A layer (skill or ?) after the TTS .wav generation and before output

DrStein99 · February 12, 2022, 8:35pm

I want to perform additional processing after the .wav file is generated when whatever TTS engine selected. Ideally, my application would take the temp .wav file after TTS generation, process and re-write over, before it is picked up by and play speaker output.

Is there a skill, module, otherwise existing feature I can explore for this ?

baconator · February 13, 2022, 1:28am

If you’re only looking at audio manipulation and not additional api calls and the like, you might want to customize a TTS plugin for your usage.

iointerrupt · February 13, 2022, 3:22am

You can modify mycroft.conf setting play_mp3_cmdline to process the output file via a bash script prior to playing the audio.

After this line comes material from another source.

(* Assume $\Phi_h=M_h=\mathbb{P}_1$. Then any solution $(\phi^{n+1},\mu^{n+1})$ of the J$_\varepsilon$-scheme satisfies $$\int_\Omega\big(I_h(\phi^{n+1}_-)\big)^2d\boldsymbol x\le C\sqrt{\varepsilon(1-\varepsilon)}\le C\sqrt{\varepsilon}\quad\text{and}\quad\int_\Omega\Big(I_h\big((\phi^{n+1}-1)_+\big)\Big)^2d\boldsymbol x\le C\sqrt{\varepsilon(1-\varepsilon)}\le C\sqrt{\varepsilon},$$ where $C$ depends on the initial energy $E(\phi^0)$ and on $\int_\Omega I_h(J_\varepsilon(\phi^0))\,d\boldsymbol x$.
   Context: $\Omega\subset\mathbb{R}^d$ ($d=1,2,3$) bounded, $\eta>0$, $\varepsilon\in(0,1/2)$. $f_-=\min\{f,0\}$, $f_+=\max\{f,0\}$. $F(\phi)=\frac1{4\eta^2}\phi^2(\phi-1)^2=F_c+F_e$ with $F_c(\phi)=\frac1{4\eta^2}(\phi^4-2\phi^3+\frac32\phi^2)$, $F_e(\phi)=-\frac1{8\eta^2}\phi^2$; $E(\phi)=\int_\Omega(\frac12|\nabla\phi|^2+F(\phi))d\boldsymbol x$. The interval $[0,T]$ is split into $N$ steps of size $\Delta t=T/N$, $n=0,\dots,N-1$. $\mathcal T_h$ is a structured triangulation of $\Omega$ in which every element $I$ has vertices $\boldsymbol x_0,\dots,\boldsymbol x_d$ with $\boldsymbol x_k-\boldsymbol x_0$ parallel to the $k$-th coordinate axis; $\Phi_h=M_h$ is the space of continuous piecewise $\mathbb{P}_1$ functions. $I_h$ is nodal $\mathbb{P}_1$ interpolation, $(f,g)_h=\int_\Omega I_h(fg)\,d\boldsymbol x$, $(\cdot,\cdot)$ the $L^2$ product. $J(\phi)=(1-2\phi)\arcsin(\sqrt{1-\phi})+\sqrt{(1-\phi)\phi}+2\arcsin(\sqrt{1/2})\,\phi$ on $[0,1]$ (so $J''(\phi)=1/\sqrt{\phi(1-\phi)}$); $J_\varepsilon\in C^2(\mathbb{R})$ equals $J$ on $[\varepsilon,1-\varepsilon]$ and its second-order Taylor polynomial at $\varepsilon$ (resp. $1-\varepsilon$) for $\phi<\varepsilon$ (resp. $\phi>1-\varepsilon$). For $\phi\in\Phi_h$, $M^J_\varepsilon(\phi)$ is the piecewise constant diagonal matrix whose $k$-th entry on $I$ is $\Big(\frac{\phi(\boldsymbol x_k)-\phi(\boldsymbol x_0)}{J_\varepsilon'(\phi(\boldsymbol x_k))-J_\varepsilon'(\phi(\boldsymbol x_0))}\Big)^2$ if $\phi(\boldsymbol x_k)\neq\phi(\boldsymbol x_0)$ and $\big(1/J_\varepsilon''(\phi(\boldsymbol x_0))\big)^2$ otherwise. J$_\varepsilon$-scheme: given $\phi^n\in\Phi_h$ (starting from $\phi^0\in\Phi_h$), find $(\phi^{n+1},\mu^{n+1})\in\Phi_h\times M_h$ such that for all $(\bar\phi,\bar\mu)\in\Phi_h\times M_h$: $\frac1{\Delta t}(\phi^{n+1}-\phi^n,\bar\mu)_h+(M^J_\varepsilon(\phi^{n+1})\nabla\mu^{n+1},\nabla\bar\mu)=0$ and $(\nabla\phi^{n+1},\nabla\bar\phi)+(F_c'(\phi^{n+1})+F_e'(\phi^n),\bar\phi)=(\mu^{n+1},\bar\phi)_h$. *)

From Stdlib Require Import Reals Lra Lia.
From Coquelicot Require Import Coquelicot.
Open Scope R_scope.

As an example, the default value i believe is:

{
 "play_mp3_cmdline": "mpg123 %1"
}

can be modified with something like:

{
"play_mp3_cmdline": "/bin/bash /home/mycroft/myscripts/process_before_play.sh %1"
}

with a script like:

#!/bin/bash

process_audio $1 >> /tmp/myrandom_file.mp3

# Play the processed audio
mpg123 -q "/tmp/myrandom_file.mp3"

# delete the post-process audio files after play
rm "/tmp/myrandom_file.mp3"

At the end of of your script you just tag on the mpg123 command so that it plays out the speaker or whatever with the altered audio file you want. You can also do that with the other play_wav_cmdline or play_ogg_cmdline as well.

gez-mycroft · February 14, 2022, 5:31am

So simple, but I’d never thought of that - nice one!

Gabriel · February 14, 2022, 4:50pm

I like the idea.

Extending on that… The other way around? I mean, after TTS processess can I get the result text and store it? I’m thinking about autotagging that can be use for future learning material.

Interesting

DrStein99 · February 14, 2022, 6:32pm

I was using my system to play sound effects, music, etc…

Does the “play_mp3_cmdline” line in mycroft.conf, interpret ALL mp3 commands to play audio or just just the voice?

iointerrupt · February 15, 2022, 1:04am

From what I can tell, anything that’s processed by the TTS engine is temporarily cached in (in my case) “/tmp/mycroft/cache/tts/GoogleTTS/” because I am using Googles TTS. This is probably dynamic based on the TTS you are using. An audio stream skill likely place their files in a different location if they are caching for streaming. You can modify your script to only process the audio if the base directory is ‘/tmp/mycroft/cache/tts/’ otherwise just play without processing. Here’s some pseudo-code:

[ "`dirname $1`" != "/tmp/mycroft/cache/tts/GoogleTTS" ] && just play the file && exit

You can copy the temporary TTS file to another location and then play it within the script.

Edit: fixed typo in pseudo code